▶ What is needed:
Your answer must consist solely of the lines from the start of the entries below through the line with "rewrite Hshift, rsum_S, IH.", unchanged.

────

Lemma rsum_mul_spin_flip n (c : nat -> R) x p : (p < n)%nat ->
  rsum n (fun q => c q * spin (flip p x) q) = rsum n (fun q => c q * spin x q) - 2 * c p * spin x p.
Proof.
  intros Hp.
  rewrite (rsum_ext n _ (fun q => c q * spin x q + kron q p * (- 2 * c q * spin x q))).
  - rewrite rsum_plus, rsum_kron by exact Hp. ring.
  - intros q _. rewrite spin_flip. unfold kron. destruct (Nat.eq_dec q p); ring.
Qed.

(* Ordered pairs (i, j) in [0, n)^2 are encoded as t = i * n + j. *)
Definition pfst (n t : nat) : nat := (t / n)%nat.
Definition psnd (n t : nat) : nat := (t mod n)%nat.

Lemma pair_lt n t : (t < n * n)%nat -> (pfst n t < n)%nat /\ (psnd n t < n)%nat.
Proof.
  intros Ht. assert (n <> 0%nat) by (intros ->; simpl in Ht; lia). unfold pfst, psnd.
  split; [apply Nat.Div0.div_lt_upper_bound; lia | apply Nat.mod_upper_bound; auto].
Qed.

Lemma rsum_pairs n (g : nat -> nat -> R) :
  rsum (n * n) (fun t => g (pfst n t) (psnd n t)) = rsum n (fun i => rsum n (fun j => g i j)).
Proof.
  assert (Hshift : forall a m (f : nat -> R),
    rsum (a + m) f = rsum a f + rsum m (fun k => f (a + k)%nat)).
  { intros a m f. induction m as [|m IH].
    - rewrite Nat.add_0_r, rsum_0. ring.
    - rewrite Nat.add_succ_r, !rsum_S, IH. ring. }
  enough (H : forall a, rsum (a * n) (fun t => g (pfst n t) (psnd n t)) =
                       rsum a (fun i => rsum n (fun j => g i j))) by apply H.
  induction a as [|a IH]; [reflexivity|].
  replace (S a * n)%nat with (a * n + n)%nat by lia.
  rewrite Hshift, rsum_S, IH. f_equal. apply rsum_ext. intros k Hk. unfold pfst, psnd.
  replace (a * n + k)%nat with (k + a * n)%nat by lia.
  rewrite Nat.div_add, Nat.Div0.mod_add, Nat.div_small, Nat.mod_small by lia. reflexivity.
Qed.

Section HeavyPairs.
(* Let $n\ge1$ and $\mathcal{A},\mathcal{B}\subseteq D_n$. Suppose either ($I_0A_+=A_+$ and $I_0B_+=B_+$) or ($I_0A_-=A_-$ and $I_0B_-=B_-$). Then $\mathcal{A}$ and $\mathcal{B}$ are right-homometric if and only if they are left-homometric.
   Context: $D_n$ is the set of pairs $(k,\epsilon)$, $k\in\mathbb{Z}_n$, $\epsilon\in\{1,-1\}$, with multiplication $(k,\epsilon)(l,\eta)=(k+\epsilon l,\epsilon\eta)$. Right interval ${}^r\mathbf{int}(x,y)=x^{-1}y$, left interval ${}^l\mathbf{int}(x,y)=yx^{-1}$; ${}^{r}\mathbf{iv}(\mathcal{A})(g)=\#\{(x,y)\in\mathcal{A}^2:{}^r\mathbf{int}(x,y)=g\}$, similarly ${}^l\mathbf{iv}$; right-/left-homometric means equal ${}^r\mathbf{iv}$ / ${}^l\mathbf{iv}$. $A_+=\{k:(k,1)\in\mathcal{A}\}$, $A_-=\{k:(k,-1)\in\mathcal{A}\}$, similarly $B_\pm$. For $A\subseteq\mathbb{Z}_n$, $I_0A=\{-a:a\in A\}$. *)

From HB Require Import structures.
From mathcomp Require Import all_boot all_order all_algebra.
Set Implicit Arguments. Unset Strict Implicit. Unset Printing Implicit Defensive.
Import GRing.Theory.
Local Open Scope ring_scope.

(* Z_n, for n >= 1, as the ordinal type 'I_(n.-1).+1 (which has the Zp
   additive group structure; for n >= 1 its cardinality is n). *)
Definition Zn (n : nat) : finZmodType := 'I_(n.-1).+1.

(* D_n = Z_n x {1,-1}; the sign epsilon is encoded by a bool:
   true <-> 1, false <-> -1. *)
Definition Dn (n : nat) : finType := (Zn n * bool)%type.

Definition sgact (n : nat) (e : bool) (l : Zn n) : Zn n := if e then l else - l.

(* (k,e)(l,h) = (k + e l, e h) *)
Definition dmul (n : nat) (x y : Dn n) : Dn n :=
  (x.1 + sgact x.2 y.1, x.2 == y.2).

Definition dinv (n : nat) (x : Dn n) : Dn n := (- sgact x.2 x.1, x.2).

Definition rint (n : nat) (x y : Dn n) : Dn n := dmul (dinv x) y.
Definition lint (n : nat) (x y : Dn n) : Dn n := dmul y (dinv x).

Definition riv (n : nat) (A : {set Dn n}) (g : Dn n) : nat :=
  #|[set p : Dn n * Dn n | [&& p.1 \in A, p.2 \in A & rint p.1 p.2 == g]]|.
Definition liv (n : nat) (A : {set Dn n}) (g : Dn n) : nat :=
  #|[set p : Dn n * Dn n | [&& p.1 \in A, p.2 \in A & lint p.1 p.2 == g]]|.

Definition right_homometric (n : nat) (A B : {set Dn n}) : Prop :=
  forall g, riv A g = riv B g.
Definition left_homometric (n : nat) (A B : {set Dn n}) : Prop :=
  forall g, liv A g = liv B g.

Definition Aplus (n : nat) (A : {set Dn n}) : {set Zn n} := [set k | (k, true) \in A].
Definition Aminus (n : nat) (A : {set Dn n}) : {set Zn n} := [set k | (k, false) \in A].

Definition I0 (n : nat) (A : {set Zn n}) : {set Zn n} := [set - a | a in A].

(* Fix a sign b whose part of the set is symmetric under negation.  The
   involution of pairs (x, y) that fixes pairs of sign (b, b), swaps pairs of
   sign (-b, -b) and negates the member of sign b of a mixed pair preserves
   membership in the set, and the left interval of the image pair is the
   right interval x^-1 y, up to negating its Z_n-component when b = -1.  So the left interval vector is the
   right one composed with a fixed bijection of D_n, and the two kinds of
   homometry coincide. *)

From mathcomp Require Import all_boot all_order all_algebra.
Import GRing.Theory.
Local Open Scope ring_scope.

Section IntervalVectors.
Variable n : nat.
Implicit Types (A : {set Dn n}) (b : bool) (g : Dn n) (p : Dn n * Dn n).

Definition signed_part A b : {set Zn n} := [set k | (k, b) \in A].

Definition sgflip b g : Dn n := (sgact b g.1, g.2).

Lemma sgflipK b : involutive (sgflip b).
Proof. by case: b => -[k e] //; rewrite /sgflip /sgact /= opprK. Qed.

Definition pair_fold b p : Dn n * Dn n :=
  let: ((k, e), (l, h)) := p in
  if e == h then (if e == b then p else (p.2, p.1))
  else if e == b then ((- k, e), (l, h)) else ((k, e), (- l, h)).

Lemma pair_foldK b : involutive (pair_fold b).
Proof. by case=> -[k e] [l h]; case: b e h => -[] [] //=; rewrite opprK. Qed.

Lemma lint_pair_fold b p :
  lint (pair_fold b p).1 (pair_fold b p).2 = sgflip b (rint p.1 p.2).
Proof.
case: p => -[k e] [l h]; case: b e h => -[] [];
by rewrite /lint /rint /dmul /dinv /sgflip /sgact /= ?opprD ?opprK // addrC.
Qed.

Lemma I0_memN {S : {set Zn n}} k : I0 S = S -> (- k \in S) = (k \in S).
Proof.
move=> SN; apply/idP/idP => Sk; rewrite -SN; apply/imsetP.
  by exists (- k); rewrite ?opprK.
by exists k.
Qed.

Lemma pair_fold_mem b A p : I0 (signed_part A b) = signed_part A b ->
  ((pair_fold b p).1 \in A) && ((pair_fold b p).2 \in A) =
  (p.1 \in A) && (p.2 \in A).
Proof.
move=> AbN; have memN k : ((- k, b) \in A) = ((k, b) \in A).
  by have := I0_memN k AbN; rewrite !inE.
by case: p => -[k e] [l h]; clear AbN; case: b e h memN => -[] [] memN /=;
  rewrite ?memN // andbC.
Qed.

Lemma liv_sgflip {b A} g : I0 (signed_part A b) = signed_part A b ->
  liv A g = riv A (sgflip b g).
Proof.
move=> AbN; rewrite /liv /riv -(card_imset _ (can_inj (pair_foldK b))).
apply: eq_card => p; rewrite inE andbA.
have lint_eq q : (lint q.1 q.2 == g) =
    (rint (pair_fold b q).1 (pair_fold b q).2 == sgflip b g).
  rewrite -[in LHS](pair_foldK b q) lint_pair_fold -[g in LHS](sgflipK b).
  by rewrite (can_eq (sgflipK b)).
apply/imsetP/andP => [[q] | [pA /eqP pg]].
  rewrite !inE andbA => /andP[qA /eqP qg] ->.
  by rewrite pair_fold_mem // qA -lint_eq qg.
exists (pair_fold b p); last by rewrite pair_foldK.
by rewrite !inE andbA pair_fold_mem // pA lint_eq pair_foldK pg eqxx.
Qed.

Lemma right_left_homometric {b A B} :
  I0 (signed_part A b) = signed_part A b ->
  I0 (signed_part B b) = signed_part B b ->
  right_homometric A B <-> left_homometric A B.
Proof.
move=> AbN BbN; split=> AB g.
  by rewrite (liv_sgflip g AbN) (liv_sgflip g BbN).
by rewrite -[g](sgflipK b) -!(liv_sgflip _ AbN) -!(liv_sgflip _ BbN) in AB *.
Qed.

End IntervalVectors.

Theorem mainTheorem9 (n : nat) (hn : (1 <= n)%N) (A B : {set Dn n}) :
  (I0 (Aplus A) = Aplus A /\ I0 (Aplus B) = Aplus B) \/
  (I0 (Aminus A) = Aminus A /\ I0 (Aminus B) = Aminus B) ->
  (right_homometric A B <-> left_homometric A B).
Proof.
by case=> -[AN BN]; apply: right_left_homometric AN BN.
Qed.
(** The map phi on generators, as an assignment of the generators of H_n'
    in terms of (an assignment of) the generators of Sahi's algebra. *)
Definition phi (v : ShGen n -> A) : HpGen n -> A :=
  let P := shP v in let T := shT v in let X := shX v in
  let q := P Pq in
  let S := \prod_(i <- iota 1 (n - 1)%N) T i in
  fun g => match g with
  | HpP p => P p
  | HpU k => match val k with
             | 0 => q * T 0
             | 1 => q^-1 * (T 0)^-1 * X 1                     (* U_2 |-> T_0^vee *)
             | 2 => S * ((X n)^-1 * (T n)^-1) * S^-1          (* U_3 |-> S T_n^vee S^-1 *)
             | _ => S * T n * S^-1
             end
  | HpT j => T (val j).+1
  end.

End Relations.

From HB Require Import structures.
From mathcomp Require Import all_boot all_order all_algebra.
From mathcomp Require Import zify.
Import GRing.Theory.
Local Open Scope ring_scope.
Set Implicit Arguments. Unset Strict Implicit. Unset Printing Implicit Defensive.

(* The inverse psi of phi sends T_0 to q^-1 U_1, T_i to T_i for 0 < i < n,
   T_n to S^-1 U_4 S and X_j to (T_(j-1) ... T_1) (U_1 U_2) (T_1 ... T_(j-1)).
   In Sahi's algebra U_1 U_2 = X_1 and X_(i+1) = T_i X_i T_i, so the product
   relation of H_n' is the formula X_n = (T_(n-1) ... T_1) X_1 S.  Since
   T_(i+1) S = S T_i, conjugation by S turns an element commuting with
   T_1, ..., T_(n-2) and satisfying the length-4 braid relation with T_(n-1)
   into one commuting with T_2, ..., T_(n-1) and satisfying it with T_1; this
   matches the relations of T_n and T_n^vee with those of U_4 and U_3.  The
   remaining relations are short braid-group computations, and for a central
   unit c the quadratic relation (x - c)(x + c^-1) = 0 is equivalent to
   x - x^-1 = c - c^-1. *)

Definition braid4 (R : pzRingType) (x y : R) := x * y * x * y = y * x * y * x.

────

▶ Task result:
Lemma rsum_mul_spin_flip n (c : nat -> R) x p : (p < n)%nat ->
  rsum n (fun q => c q * spin (flip p x) q) = rsum n (fun q => c q * spin x q) - 2 * c p * spin x p.
Proof.
  intros Hp.
  rewrite (rsum_ext n _ (fun q => c q * spin x q + kron q p * (- 2 * c q * spin x q))).
  - rewrite rsum_plus, rsum_kron by exact Hp. ring.
  - intros q _. rewrite spin_flip. unfold kron. destruct (Nat.eq_dec q p); ring.
Qed.

(* Ordered pairs (i, j) in [0, n)^2 are encoded as t = i * n + j. *)
Definition pfst (n t : nat) : nat := (t / n)%nat.
Definition psnd (n t : nat) : nat := (t mod n)%nat.

Lemma pair_lt n t : (t < n * n)%nat -> (pfst n t < n)%nat /\ (psnd n t < n)%nat.
Proof.
  intros Ht. assert (n <> 0%nat) by (intros ->; simpl in Ht; lia). unfold pfst, psnd.
  split; [apply Nat.Div0.div_lt_upper_bound; lia | apply Nat.mod_upper_bound; auto].
Qed.

Lemma rsum_pairs n (g : nat -> nat -> R) :
  rsum (n * n) (fun t => g (pfst n t) (psnd n t)) = rsum n (fun i => rsum n (fun j => g i j)).
Proof.
  assert (Hshift : forall a m (f : nat -> R),
    rsum (a + m) f = rsum a f + rsum m (fun k => f (a + k)%nat)).
  { intros a m f. induction m as [|m IH].
    - rewrite Nat.add_0_r, rsum_0. ring.
    - rewrite Nat.add_succ_r, !rsum_S, IH. ring. }
  enough (H : forall a, rsum (a * n) (fun t => g (pfst n t) (psnd n t)) =
                       rsum a (fun i => rsum n (fun j => g i j))) by apply H.
  induction a as [|a IH]; [reflexivity|].
  replace (S a * n)%nat with (a * n + n)%nat by lia.
  rewrite Hshift, rsum_S, IH. f_equal. apply rsum_ext. intros k Hk. unfold pfst, psnd.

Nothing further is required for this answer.